* TASK ITEM
Go to the line containing "have szi : size" in the records below and print it and every following line exactly, on through the line containing "move=> hs /allP", then stop.
PROVIDED DATA Block Start
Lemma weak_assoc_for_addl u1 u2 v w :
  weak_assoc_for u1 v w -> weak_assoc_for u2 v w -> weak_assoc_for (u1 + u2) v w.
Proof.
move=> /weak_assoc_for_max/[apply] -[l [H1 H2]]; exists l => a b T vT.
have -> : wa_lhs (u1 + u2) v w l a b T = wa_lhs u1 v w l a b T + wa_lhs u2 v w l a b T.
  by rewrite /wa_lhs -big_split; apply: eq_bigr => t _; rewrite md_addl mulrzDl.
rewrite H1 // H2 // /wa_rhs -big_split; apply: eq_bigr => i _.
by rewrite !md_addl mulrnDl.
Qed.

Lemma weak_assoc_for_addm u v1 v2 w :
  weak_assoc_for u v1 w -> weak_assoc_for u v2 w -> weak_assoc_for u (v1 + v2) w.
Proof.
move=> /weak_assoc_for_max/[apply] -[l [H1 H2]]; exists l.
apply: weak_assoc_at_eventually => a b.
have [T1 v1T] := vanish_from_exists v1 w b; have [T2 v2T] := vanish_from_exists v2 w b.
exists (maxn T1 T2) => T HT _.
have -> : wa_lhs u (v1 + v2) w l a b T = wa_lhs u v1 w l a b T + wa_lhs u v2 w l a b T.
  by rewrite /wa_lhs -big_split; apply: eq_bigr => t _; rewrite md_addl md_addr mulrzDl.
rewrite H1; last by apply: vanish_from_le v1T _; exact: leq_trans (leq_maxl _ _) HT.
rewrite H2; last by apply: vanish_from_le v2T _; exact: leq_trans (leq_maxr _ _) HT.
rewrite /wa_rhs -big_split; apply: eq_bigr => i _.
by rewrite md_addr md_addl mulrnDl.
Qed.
PROVIDED DATA Block End
PROVIDED DATA Block Start
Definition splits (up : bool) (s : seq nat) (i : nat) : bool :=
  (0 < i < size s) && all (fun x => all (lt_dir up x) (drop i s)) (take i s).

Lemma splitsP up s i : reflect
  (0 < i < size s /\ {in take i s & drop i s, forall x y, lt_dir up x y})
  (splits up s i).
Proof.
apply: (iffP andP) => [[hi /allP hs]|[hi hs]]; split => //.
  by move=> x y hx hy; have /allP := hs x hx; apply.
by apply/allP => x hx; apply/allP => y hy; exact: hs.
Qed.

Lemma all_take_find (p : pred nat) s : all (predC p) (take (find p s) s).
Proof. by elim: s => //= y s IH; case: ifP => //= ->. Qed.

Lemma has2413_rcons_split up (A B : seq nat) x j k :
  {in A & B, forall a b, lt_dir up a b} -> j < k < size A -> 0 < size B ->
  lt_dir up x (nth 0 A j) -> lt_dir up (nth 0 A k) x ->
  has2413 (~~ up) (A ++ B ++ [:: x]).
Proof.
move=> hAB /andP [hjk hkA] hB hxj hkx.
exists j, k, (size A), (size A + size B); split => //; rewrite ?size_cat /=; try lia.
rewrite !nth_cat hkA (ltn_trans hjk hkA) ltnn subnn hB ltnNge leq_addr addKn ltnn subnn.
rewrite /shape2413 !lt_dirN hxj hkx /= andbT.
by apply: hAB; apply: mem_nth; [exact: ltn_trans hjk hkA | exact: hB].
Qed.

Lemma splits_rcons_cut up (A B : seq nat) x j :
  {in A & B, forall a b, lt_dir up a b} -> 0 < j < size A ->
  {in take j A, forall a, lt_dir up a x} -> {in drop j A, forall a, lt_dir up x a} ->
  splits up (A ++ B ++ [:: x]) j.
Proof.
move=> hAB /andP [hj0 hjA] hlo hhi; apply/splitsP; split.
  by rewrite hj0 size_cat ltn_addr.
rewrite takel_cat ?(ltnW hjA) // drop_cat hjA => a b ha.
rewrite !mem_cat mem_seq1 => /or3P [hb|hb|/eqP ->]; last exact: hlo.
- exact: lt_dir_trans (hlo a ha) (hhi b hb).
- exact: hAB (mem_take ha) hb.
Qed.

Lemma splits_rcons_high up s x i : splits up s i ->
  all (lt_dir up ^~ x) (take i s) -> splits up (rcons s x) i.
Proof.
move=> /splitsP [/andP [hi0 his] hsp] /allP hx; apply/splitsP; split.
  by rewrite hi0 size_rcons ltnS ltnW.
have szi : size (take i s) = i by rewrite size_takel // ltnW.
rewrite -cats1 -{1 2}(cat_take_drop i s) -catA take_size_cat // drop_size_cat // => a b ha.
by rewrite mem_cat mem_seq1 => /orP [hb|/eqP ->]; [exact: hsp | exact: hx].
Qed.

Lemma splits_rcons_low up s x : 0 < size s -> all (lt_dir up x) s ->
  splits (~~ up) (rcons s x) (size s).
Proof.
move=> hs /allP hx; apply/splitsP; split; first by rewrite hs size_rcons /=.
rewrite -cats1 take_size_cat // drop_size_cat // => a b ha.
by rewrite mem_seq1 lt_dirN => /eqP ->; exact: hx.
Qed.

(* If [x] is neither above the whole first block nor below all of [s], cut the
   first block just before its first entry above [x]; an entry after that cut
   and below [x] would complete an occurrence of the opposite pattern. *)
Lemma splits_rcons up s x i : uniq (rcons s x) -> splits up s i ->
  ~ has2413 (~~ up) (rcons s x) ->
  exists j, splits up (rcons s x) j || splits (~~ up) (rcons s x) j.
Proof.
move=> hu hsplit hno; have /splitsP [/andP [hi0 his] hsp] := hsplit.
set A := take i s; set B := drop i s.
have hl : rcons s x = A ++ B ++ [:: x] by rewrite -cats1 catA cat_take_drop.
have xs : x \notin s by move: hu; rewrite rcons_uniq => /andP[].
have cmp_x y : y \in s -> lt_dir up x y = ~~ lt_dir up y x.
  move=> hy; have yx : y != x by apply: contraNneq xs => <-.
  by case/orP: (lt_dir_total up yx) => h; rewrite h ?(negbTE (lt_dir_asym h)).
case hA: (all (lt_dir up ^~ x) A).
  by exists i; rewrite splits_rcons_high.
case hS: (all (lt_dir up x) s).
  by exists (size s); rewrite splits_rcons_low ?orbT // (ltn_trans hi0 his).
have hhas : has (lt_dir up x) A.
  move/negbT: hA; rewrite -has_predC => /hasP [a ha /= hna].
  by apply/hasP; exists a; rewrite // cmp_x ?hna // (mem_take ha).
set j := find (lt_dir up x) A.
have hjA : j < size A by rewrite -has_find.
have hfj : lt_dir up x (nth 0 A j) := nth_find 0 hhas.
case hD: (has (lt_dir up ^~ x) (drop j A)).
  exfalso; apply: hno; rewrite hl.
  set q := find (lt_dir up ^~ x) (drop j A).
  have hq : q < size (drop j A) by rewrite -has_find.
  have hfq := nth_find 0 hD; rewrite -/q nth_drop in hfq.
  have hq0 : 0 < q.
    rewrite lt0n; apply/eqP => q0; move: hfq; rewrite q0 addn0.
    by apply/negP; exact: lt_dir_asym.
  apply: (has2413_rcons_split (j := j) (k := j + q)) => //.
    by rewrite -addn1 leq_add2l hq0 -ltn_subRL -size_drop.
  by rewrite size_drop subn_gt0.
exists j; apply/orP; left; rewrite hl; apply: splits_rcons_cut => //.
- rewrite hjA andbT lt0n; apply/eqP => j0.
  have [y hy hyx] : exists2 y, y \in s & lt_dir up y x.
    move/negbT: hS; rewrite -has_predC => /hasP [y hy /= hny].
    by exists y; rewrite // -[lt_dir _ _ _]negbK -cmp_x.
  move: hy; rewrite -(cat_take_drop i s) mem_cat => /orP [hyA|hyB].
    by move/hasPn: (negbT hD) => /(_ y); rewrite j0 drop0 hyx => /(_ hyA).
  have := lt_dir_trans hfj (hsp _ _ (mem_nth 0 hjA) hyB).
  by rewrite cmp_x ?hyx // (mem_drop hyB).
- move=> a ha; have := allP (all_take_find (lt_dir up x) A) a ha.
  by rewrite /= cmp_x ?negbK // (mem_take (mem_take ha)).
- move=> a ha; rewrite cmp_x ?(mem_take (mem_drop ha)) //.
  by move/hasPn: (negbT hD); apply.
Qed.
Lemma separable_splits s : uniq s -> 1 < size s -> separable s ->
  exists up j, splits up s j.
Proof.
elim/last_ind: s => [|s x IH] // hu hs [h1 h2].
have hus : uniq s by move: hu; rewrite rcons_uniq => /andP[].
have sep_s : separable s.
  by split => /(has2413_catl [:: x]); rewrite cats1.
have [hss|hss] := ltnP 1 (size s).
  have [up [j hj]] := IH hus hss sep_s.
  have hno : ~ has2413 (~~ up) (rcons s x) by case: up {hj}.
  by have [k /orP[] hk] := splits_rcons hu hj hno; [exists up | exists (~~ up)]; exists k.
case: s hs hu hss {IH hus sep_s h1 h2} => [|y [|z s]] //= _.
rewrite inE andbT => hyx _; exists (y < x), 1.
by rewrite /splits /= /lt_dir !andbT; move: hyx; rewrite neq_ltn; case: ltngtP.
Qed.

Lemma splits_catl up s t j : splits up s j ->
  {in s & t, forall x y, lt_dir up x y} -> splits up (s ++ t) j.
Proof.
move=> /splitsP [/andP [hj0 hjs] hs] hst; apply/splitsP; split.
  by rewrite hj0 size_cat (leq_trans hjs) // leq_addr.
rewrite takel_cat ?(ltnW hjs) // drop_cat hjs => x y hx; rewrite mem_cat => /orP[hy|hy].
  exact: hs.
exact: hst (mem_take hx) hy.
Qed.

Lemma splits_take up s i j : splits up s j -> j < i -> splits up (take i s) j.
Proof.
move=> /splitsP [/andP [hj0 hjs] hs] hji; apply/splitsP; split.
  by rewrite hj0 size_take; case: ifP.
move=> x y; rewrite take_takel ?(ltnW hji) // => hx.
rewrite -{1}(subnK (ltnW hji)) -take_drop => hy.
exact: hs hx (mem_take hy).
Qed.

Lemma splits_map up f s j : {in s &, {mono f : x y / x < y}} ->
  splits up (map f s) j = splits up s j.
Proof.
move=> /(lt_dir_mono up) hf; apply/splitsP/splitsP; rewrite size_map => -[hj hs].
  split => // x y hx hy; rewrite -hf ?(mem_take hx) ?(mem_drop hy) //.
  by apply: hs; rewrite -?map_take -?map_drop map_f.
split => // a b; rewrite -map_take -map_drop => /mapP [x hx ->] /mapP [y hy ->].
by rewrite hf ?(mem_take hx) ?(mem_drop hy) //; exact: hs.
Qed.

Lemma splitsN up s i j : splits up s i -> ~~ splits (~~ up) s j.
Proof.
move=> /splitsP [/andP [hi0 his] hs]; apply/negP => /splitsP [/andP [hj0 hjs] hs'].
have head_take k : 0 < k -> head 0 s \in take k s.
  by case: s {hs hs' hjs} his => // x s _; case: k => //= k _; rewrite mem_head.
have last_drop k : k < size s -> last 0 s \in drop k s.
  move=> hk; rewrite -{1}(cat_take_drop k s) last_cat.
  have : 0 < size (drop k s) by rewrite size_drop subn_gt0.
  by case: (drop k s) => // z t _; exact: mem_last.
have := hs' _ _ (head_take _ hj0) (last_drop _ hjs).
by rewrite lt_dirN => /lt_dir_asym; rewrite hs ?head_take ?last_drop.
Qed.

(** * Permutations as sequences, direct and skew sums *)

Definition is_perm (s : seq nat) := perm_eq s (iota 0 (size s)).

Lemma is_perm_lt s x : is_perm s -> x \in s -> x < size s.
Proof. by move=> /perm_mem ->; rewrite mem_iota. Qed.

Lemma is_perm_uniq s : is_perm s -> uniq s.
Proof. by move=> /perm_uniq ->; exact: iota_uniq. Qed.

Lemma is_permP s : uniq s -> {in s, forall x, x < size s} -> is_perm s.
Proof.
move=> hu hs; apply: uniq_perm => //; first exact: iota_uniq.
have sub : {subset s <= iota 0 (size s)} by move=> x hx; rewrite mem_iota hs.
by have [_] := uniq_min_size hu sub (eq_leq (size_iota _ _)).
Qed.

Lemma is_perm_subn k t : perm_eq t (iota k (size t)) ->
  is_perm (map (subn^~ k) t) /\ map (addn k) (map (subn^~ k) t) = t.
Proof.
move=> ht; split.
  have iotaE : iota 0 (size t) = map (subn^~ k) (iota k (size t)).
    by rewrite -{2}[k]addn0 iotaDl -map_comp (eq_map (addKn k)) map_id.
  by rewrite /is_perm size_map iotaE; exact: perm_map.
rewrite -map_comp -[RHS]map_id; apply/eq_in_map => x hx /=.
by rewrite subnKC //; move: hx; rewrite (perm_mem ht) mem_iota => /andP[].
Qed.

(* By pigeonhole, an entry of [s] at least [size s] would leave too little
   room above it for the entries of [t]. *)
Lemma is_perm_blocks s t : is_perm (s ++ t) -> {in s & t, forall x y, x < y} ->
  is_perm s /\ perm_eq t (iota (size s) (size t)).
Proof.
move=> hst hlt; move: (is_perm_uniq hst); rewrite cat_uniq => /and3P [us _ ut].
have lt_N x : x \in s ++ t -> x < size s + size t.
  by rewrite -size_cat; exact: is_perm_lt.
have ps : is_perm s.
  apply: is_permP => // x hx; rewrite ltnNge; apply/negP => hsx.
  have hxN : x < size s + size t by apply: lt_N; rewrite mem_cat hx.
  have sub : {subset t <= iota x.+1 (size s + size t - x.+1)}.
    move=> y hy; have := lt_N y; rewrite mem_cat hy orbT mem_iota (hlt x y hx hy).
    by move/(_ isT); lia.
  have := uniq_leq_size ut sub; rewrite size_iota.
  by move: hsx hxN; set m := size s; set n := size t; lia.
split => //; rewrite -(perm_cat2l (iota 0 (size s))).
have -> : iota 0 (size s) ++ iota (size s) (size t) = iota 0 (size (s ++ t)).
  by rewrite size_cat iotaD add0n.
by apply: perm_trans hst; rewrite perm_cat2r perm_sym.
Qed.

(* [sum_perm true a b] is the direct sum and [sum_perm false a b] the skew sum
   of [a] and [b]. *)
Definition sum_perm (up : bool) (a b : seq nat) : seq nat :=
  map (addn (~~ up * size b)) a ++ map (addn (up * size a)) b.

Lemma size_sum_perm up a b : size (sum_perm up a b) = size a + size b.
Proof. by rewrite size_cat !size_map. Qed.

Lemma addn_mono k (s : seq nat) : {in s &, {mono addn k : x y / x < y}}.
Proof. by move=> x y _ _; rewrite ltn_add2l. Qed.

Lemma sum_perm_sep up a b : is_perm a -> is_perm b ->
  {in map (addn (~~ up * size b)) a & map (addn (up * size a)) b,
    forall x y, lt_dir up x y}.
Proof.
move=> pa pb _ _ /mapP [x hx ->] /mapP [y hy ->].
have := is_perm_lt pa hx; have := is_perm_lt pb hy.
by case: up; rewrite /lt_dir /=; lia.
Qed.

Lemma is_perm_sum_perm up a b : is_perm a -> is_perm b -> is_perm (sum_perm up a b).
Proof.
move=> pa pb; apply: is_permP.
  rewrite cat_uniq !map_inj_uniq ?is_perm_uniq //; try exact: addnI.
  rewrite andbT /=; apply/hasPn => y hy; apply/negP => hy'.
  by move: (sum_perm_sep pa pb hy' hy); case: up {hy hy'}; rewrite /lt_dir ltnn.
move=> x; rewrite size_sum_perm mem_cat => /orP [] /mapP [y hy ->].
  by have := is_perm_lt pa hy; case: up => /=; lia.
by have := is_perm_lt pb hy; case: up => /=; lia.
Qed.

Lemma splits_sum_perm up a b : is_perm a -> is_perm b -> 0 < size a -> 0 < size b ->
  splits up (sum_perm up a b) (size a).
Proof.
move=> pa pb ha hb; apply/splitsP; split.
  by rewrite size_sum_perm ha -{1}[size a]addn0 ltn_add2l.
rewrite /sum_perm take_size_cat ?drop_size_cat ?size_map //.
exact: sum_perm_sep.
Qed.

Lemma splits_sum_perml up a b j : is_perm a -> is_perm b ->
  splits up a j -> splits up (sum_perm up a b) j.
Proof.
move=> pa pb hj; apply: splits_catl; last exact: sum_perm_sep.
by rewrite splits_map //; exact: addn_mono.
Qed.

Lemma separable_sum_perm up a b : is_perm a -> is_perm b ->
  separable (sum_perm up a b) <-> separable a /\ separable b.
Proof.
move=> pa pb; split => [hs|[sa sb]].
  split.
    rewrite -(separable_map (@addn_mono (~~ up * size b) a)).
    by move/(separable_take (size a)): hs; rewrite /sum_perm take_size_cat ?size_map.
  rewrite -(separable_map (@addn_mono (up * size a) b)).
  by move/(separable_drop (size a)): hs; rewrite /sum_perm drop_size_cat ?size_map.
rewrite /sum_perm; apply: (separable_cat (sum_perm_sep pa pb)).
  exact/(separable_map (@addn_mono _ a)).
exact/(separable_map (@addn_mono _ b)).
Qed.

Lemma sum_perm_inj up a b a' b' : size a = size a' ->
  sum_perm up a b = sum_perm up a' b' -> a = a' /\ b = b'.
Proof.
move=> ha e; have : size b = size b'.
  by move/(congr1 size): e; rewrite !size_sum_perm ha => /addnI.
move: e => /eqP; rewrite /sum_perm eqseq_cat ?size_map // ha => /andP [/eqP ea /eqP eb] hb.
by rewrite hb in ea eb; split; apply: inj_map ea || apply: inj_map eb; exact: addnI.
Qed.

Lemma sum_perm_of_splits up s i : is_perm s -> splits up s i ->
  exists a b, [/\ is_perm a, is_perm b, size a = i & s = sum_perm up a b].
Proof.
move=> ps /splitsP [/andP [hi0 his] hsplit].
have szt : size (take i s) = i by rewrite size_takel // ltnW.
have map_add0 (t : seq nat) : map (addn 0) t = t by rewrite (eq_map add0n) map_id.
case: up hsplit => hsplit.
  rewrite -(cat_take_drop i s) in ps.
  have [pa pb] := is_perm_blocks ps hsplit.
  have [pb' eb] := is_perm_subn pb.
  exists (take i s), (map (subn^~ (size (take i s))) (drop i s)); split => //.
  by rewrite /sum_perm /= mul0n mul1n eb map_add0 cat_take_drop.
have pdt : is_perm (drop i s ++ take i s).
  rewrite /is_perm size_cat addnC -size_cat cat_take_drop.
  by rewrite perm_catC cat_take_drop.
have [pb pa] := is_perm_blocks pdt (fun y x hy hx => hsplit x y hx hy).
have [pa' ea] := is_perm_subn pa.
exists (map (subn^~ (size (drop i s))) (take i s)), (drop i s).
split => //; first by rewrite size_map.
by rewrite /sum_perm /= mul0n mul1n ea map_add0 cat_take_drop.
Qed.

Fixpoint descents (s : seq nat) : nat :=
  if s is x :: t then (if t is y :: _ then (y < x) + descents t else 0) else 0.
PROVIDED DATA Block End
* EXERCISE ANSWER
have szi : size (take i s) = i by rewrite size_takel // ltnW.
rewrite -cats1 -{1 2}(cat_take_drop i s) -catA take_size_cat // drop_size_cat // => a b ha.
by rewrite mem_cat mem_seq1 => /orP [hb|/eqP ->]; [exact: hsp | exact: hx].
Qed.

Lemma splits_rcons_low up s x : 0 < size s -> all (lt_dir up x) s ->
  splits (~~ up) (rcons s x) (size s).
Proof.
move=> hs /allP hx; apply/splitsP; split; first by rewrite hs size_rcons /=.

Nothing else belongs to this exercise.